Taylan Ayık'dan açıklama
Merhaba sevgili arkadaşlar,
Şimdi size uzun uzun Diken den sözlerden, müzikten bahsetmek yerine biraz kendimden bahsetmek istiyorum. Özellikle scrotestical isimli arkadaşımız dikkatle okusun bu yazıyı.
99 yılında gruptan birtakım sosyal problemler dolayısıyla ayrılmak zorunda kalmıştım. Daha sonra grafikerlik mesleğimi sürdürebilmek için çeşitli reklam ajanslarında kısa süreli çalışmalardan sonra 2001 yılında öğretmenliğe başladım. Gerçekten İstanbul'un varoşun da varoşu denebilecek, insanların koyu bir karanlık ve cehalet içinde yarı aç yar tok gezdiği bir semtinde başladım öğretmenliğe. Böyle bir ortama hayatımda ilk kez tanık olmam bende köklü birtakım değişikliklere yolaçmaya başladı. Doğal eğitimli bir insan refleksiyle kendimi bu karanlığa alternatif olabilecek aydınlanmacı, çağdaş fikirlerle donatma isteği duymaya başladım. Yani işin aslını gördüm. Gerçeği yani. Tüm çıplaklığıyla. İnsanların öbür dünya vaatleriyle nasıl ellerinden ekmeklerinin çalındığını, nasıl beyinlerimize tecavüz edildiğini gördüm. Öğrencilerimin çoğu kışın soğuktan yataklarından çıkıp da okula gelemezlerdi. Aç gezdiklerine de şahit oldum çoğu zaman. Daha çarpık ne yaşamlar, ne acı çelişkilere şahit oldum yazamıyorum hepsini. İşte ben hayatımın üç yılını böyle bir ortamda evimi geçindirebilmek için çabalamayla geçirdim.
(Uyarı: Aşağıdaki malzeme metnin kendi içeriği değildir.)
Lemma weight_gen x : In x gens -> path_prod H weight (edge_loop x (rootL x)) = h (index_of x gens).
Proof.
  intros Hn. assert (Hn' := Hn). apply gens_spec in Hn' as (Hx & E1 & E2).
  destruct (root_spec _ Lrel_equiv x Hx) as [Hr A].
  rewrite weight_edge_loop, weight_L, (potential_root (rootL x)), gone_r; auto.
  - unfold potential. destruct (dec (In x gens)); [apply ginv_ginv|contradiction].
  - right. apply root_idem; auto using Lrel_equiv.
Qed.

End Existence.

Definition gen_loop (i : nat) : list S := edge_loop (nth i gens e) (rootL (nth i gens e)).

Lemma vertex_group_free_gens : vertex_group_free_of_rank S e (length gens).
Proof.
  assert (Hnd : NoDup gens) by (apply NoDup_filter; auto).
  exists gen_loop. split.
  - intros i Hi. destruct (proj1 (gens_spec _) (nth_In gens e Hi)) as (Hx & _).
    destruct (root_spec _ Lrel_equiv _ Hx). apply edge_loop_loop; auto. right; auto.
  - intros H h. split.
    + exists (path_prod H (weight H h)). split; [apply path_prod_loop_hom, weight_inessential|].
      intros i Hi. unfold gen_loop. rewrite weight_gen, index_of_nth; auto. apply nth_In; auto.
    + intros phi psi Hphi Hpsi Hb. apply agree_loops; auto.
      intros x Hx. rewrite <- (nth_index_of gens x e Hx). apply Hb, index_of_lt; auto.
Qed.

(* Every idempotent but [e] is exactly one of: an R-root only, an L-root only,
   a generator; [e] is both an R-root and an L-root. *)
Lemma count_roots_gens :
  length (filter (fun x => holds (rootR x = x)) ord) +
  length (filter (fun x => holds (rootL x = x)) ord) + length gens = length ord + 1.
Proof.
  assert (ER : rootR e = e) by (apply root_e, Rrel_equiv).
  assert (EL : rootL e = e) by (apply root_e, Lrel_equiv).
  assert (Ee : holds (e = e) = true) by (apply holds_spec; auto).
  assert (Ene : holds (e <> e /\ e <> e) = false)
    by (unfold holds; destruct (dec _) as [[H _]|]; [exfalso; auto|reflexivity]).
  assert (Hr : ~ In e rest) by (inversion ord_nodup; auto).
  unfold gens, ord. simpl. rewrite ER, EL, Ee, Ene. simpl.
  rewrite <- (filter_partition3 (fun x => holds (rootR x = x)) (fun x => holds (rootL x = x))
               (fun x => holds (rootR x <> x /\ rootL x <> x)) rest); [lia|].
  intros x Hx. assert (Hne : x <> e) by (intros ->; contradiction).
  assert (NB := not_both_root x (or_intror Hx) Hne). unfold holds.
  destruct (dec (rootR x = x)), (dec (rootL x = x)), (dec (rootR x <> x /\ rootL x <> x));
    tauto || lia.
Qed.
(* Let $H$ be a graph and $G=L(H)$. Then $G$ is localizable if and only if $H$ contains an independent set $S$ of strong vertices and a set $\mathcal{T}$ of strong triangles of $H$ that decomposes the graph $H-S$ (i.e., each triangle in $\mathcal{T}$ is a subgraph of $H-S$ and each edge of $H-S$ lies in exactly one triangle of $\mathcal{T}$).
   Context: $L(H)$ is the line graph of $H$. A clique is strong if it intersects every maximal independent set; a graph is localizable if its vertex set admits a partition into strong cliques. A vertex $v$ of $H$ is strong if every maximal matching of $H$ covers $v$. A triangle $T$ of $H$ is strong if every maximal matching of $H$ contains an edge of $T$. *)

(* Finite simple graphs as symmetric irreflexive relations. *)
From mathcomp Require Import all_boot.
Set Implicit Arguments. Unset Strict Implicit. Unset Printing Implicit Defensive.

Section Graphs.
Variable T : finType.
Variable e : rel T.

Definition independent (S : {set T}) : bool :=
  [forall x in S, forall y in S, ~~ e x y].

Definition maximal_independent (S : {set T}) : bool :=
  maxset independent S.

Definition clique (C : {set T}) : bool :=
  [forall x in C, forall y in C, (x != y) ==> e x y].

Definition strong_clique (C : {set T}) : Prop :=
  clique C /\ forall S, maximal_independent S -> exists2 x, x \in C & x \in S.

Definition localizable : Prop :=
  exists P : {set {set T}}, partition P [set: T] /\
    forall C, C \in P -> strong_clique C.
End Graphs.

Section LineGraph.
Variable V : finType.
Variable adj : rel V.

Definition is_edge (E : {set V}) : bool :=
  [exists x, exists y, adj x y && (E == [set x; y])].

End LineGraph.

(* vertex type of the line graph L(H): the edges of H *)
Notation edge_of adj := {E : {set _} | is_edge adj E}.

Definition line_rel (V : finType) (adj : rel V) : rel (edge_of adj) :=
  fun E F => (E != F) && (val E :&: val F != set0).

Section Matchings.
Variable V : finType.
Variable adj : rel V.

Definition matching (M : {set edge_of adj}) : bool :=
  [forall E in M, forall F in M, (E != F) ==> (val E :&: val F == set0)].

Definition maximal_matching (M : {set edge_of adj}) : bool :=
  maxset matching M.

Definition strong_vertex (v : V) : Prop :=
  forall M, maximal_matching M -> exists2 E, E \in M & v \in val E.

Definition triangle (Tr : {set V}) : bool :=
  (#|Tr| == 3) && clique adj Tr.

Definition strong_triangle (Tr : {set V}) : Prop :=
  forall M, maximal_matching M -> exists2 E, E \in M & val E \subset Tr.
End Matchings.

Arguments line_rel {V} adj.
Arguments matching {V} adj M.
Arguments maximal_matching {V} adj M.
Arguments strong_vertex {V} adj v.
Arguments triangle {V} adj Tr.
Arguments strong_triangle {V} adj Tr.
Arguments independent {T} e S.
Arguments clique {T} e C.
Arguments is_edge {V} adj E.
Arguments localizable {T} e.

From mathcomp Require Import all_boot.
Set Implicit Arguments. Unset Strict Implicit. Unset Printing Implicit Defensive.

(* Matchings of H are the independent sets of L(H), and a nonempty clique of
   L(H) is either a set of edges through one vertex or a set of edges of one
   triangle. A strong clique is inclusion-maximal among cliques, so the blocks
   of a partition of L(H) into strong cliques are full stars at strong
   vertices and full edge sets of strong triangles. Since an edge lies in a
   single block, the star centres are pairwise nonadjacent and avoid the
   triangles, and the triangles cover every edge off the centres exactly once;
   conversely such stars and triangles partition E(H) into strong cliques. *)

Section StrongCliques.
Variables (T : finType) (e : rel T).
Hypothesis e_irr : irreflexive e.

Lemma independent_set1 x : independent e [set x].
Proof.
by apply/forallP => y; apply/implyP; rewrite inE => /eqP ->;
   apply/forallP => z; apply/implyP; rewrite inE => /eqP ->; rewrite e_irr.
Qed.

Lemma strong_clique_neq0 C : strong_clique e C -> C != set0.
Proof.
move=> [_ meetC].
have indep0 : independent e set0 by apply/forallP => x; rewrite inE.
have [M maxM _] := maxset_exists indep0.
by have [x xC _] := meetC M maxM; apply/set0Pn; exists x.
Qed.

(* Any vertex outside C is adjacent to all of C, yet some maximal independent
   set through it must meet C. *)
Lemma strong_clique_sub_clique (C X : {set T}) :
  strong_clique e C -> C \subset X -> clique e X -> C = X.
Proof.
move=> [_ meetC] CX cliqueX; apply/eqP; rewrite eqEsubset CX /=.
apply/subsetP => f fX; apply/negPn/negP => fC.
have [M maxM fM] := maxset_exists (independent_set1 f).
have [g gC gM] := meetC M maxM.
have gf : g != f by apply: contraNneq fC => <-.
have egf : e g f.
  by move: cliqueX => /forallP/(_ g)/implyP/(_ (subsetP CX g gC))
    /forallP/(_ f)/implyP/(_ fX)/implyP/(_ gf).
move: (maxsetp maxM) => /forallP/(_ g)/implyP/(_ gM)/forallP/(_ f)/implyP.
by rewrite (subsetP fM) ?set11 // egf => /(_ isT).
Qed.

End StrongCliques.

Section LineGraph.
Variables (V : finType) (adj : rel V).
Hypotheses (adj_sym : symmetric adj) (adj_irr : irreflexive adj).

Local Notation edge := (edge_of adj).

Lemma adj_neq x y : adj x y -> x != y.
Proof. by apply: contraTneq => ->; rewrite adj_irr. Qed.

Lemma edgeP (g : edge) : exists x y, adj x y /\ val g = [set x; y].
Proof. by case: g => A /= /existsP [x /existsP [y /andP [xy /eqP ->]]]; exists x, y. Qed.

Lemma edge_from (g : edge) x : x \in val g -> exists y, adj x y /\ val g = [set x; y].
Proof.
have [a [b [ab ->]]] := edgeP g.
by rewrite !inE => /orP [] /eqP ->; [exists b | exists a; rewrite adj_sym setUC].
Qed.

Lemma card_edge (g : edge) : #|val g| = 2.
Proof. by have [x [y [xy ->]]] := edgeP g; rewrite cards2 (adj_neq xy). Qed.

Lemma edge_adj (g : edge) x y : x != y -> x \in val g -> y \in val g -> adj x y.
Proof.
move=> xy xg; have [z [xz ->]] := edge_from xg.
by rewrite !inE eq_sym (negbTE xy) => /eqP ->.
Qed.

Lemma is_edge2 x y : adj x y -> is_edge adj [set x; y].
Proof. by move=> xy; apply/existsP; exists x; apply/existsP; exists y; rewrite xy eqxx. Qed.

Definition edge2 x y (xy : adj x y) : edge := exist _ [set x; y] (is_edge2 xy).

Definition edges_at (v : V) : {set edge} := [set g : edge | v \in val g].
Definition edges_in (X : {set V}) : {set edge} := [set g : edge | val g \subset X].

Lemma line_rel_irr : irreflexive (line_rel adj).
Proof. by move=> g; rewrite /line_rel eqxx. Qed.

Lemma independent_line_matching : independent (line_rel adj) =1 matching adj.
Proof.
move=> M; rewrite /independent /matching.
apply: eq_forallb => g /=; case: (g \in M) => //=.
apply: eq_forallb => h /=; case: (h \in M) => //=.
by rewrite /line_rel; case: (g != h); case: (_ == set0).
Qed.

Lemma maximal_independent_line M :
  maximal_independent (line_rel adj) M = maximal_matching adj M.
Proof. exact: maxset_eq independent_line_matching. Qed.

Lemma clique_lineP (C : {set edge}) :
  reflect {in C &, forall g h, val g :&: val h != set0} (clique (line_rel adj) C).
Proof.
apply: (iffP forallP) => [cliqueC g h gC hC | meetC g].
  case: (eqVneq g h) => [<-|gh]; first by rewrite setIid -card_gt0 card_edge.
  by move: (cliqueC g); rewrite gC => /forallP/(_ h); rewrite hC gh => /andP [].
apply/implyP => gC; apply/forallP => h; apply/implyP => hC; apply/implyP => gh.
by rewrite /line_rel gh meetC.
Qed.

Lemma clique_edges_at v : clique (line_rel adj) (edges_at v).
Proof.
by apply/clique_lineP => g h; rewrite !inE => gv hv; apply/set0Pn; exists v; rewrite inE gv.
Qed.

Lemma strong_vertexE v :
  strong_vertex adj v <-> strong_clique (line_rel adj) (edges_at v).
Proof.
split=> [strong_v | [_ meet_v] M maxM].
  split=> [|M]; first exact: clique_edges_at.
  by rewrite maximal_independent_line => /strong_v [g gM vg]; exists g; rewrite ?inE.
have [g] := meet_v M (etrans (maximal_independent_line M) maxM).
by rewrite inE; exists g.
Qed.

Lemma triangle_adj Tr x y : triangle adj Tr -> x \in Tr -> y \in Tr -> x != y -> adj x y.
Proof.
by case/andP=> _ /forallP/(_ x)/implyP cliqueTr xTr yTr;
   move: (cliqueTr xTr) => /forallP/(_ y)/implyP/(_ yTr)/implyP.
Qed.

Lemma triangle_others Tr x : triangle adj Tr -> x \in Tr ->
  exists y z, [/\ y \in Tr, z \in Tr, y != z, y != x & z != x].
Proof.
move=> /andP [/eqP card3 _] xTr.
have : 1 < #|Tr :\ x| by move: card3; rewrite (cardsD1 x Tr) xTr add1n => -[->].
by move=> /card_gt1P [y [z]]; rewrite !in_setD1 => -[/andP [? ?] /andP [? ?] ?]; exists y, z.
Qed.

Lemma triangle3 a b c : adj a b -> adj b c -> adj a c -> triangle adj [set a; b; c].
Proof.
move=> ab bc ac; apply/andP; split.
  by rewrite -setUA !cardsU1 cards1 !inE negb_or !adj_neq.
apply/forallP => x; apply/implyP => xT; apply/forallP => y; apply/implyP => yT.
apply/implyP; move: xT yT; rewrite !inE.
by move=> /orP [/orP [] | ] /eqP -> /orP [/orP [] | ] /eqP ->;
   rewrite ?eqxx // => _; rewrite 1?adj_sym.
Qed.

Lemma clique_edges_in Tr : triangle adj Tr -> clique (line_rel adj) (edges_in Tr).
Proof.
case/andP=> /eqP card3 _; apply/clique_lineP => g h; rewrite !inE => gTr hTr.
have gh3 : #|val g :|: val h| <= 3 by rewrite -card3 subset_leq_card // subUset gTr.
rewrite -card_gt0 -(ltn_add2l #|val g :|: val h|) cardsUI !card_edge addn0.
exact: leq_ltn_trans gh3 _.
Qed.

Lemma strong_triangleE Tr : triangle adj Tr ->
  strong_triangle adj Tr <-> strong_clique (line_rel adj) (edges_in Tr).
Proof.
move=> triTr; split=> [strongTr | [_ meetTr] M maxM].
  split=> [|M]; first exact: clique_edges_in.
  by rewrite maximal_independent_line => /strongTr [g gM gTr]; exists g; rewrite ?inE.
have [g] := meetTr M (etrans (maximal_independent_line M) maxM).
by rewrite inE; exists g.
Qed.

Lemma triangle_edge_at Tr x : triangle adj Tr -> x \in Tr ->
  exists2 g : edge, x \in val g & g \in edges_in Tr.
Proof.
move=> triTr xTr; have [y [_ [yTr _ _ yx _]]] := triangle_others triTr xTr.
have xy : adj x y by rewrite (triangle_adj triTr) // eq_sym.
exists (edge2 xy); rewrite /= ?inE ?eqxx //.
by apply/subsetP => u; rewrite !inE => /orP [] /eqP ->.
Qed.

Lemma edges_in_inj T1 T2 : triangle adj T1 -> triangle adj T2 ->
  edges_in T1 = edges_in T2 -> T1 = T2.
Proof.
suff sub12 X Y : triangle adj X -> edges_in X = edges_in Y -> X \subset Y.
  by move=> tri1 tri2 e12; apply/eqP; rewrite eqEsubset !sub12.
move=> triX eXY; apply/subsetP => x xX; have [g xg] := triangle_edge_at triX xX.
by rewrite eXY inE => /subsetP; apply.
Qed.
Bırak bu geyikleri Taylan bey diyeceksiniz belki de. Tamam kısa kesiyorum zaten. Artık benim için söylenenlere tahammül edemiyorum. O yüzden bunları anlatmak zorunda kaldım. Üç yıl boyunca yeni fikirler inşa etme imkanı buldum. TÜBİTAK yayınları benim aydınlanmayla ilk tanışmam oldu. Evrim. Biyoloji, Toplum ve felsefe tarihi içerikli yüzlerce kitap bitirdim. Yaşım 31 ve 5 yaşında bir kızım var. Eşim ve çocuğumla orta halli bir hayat sürmekteyim. Bir dönemler "çocuksu saflıklarla, korkunç bir içe kapanışın verdiği aşırı megaloman bir ruh halinin yarattığı o DİKEN edebiyatı tamamen sona ermiştir. Bunu içtenlikle söylüyorum. Beni yaşıtım rock müzisyeni arkadaşlarıma sorunuz. Biraz hırçın ama bir o kadar da iyi niyetlidir cevabını alacağınızı umuyorum. Geçmişe dönüp bakıyorum da en büyük faşizmi kendime uygulamışım hep. Niye acaba? Bakın arkadaşlar, yavaş yavaş yaşlanıyoruz. Paylaşmamız gereken tek şey o sahnenin tozu. Bir düşünsenize bir insan kendini sorguluyabiliyor. İşte en büyük devrim budur.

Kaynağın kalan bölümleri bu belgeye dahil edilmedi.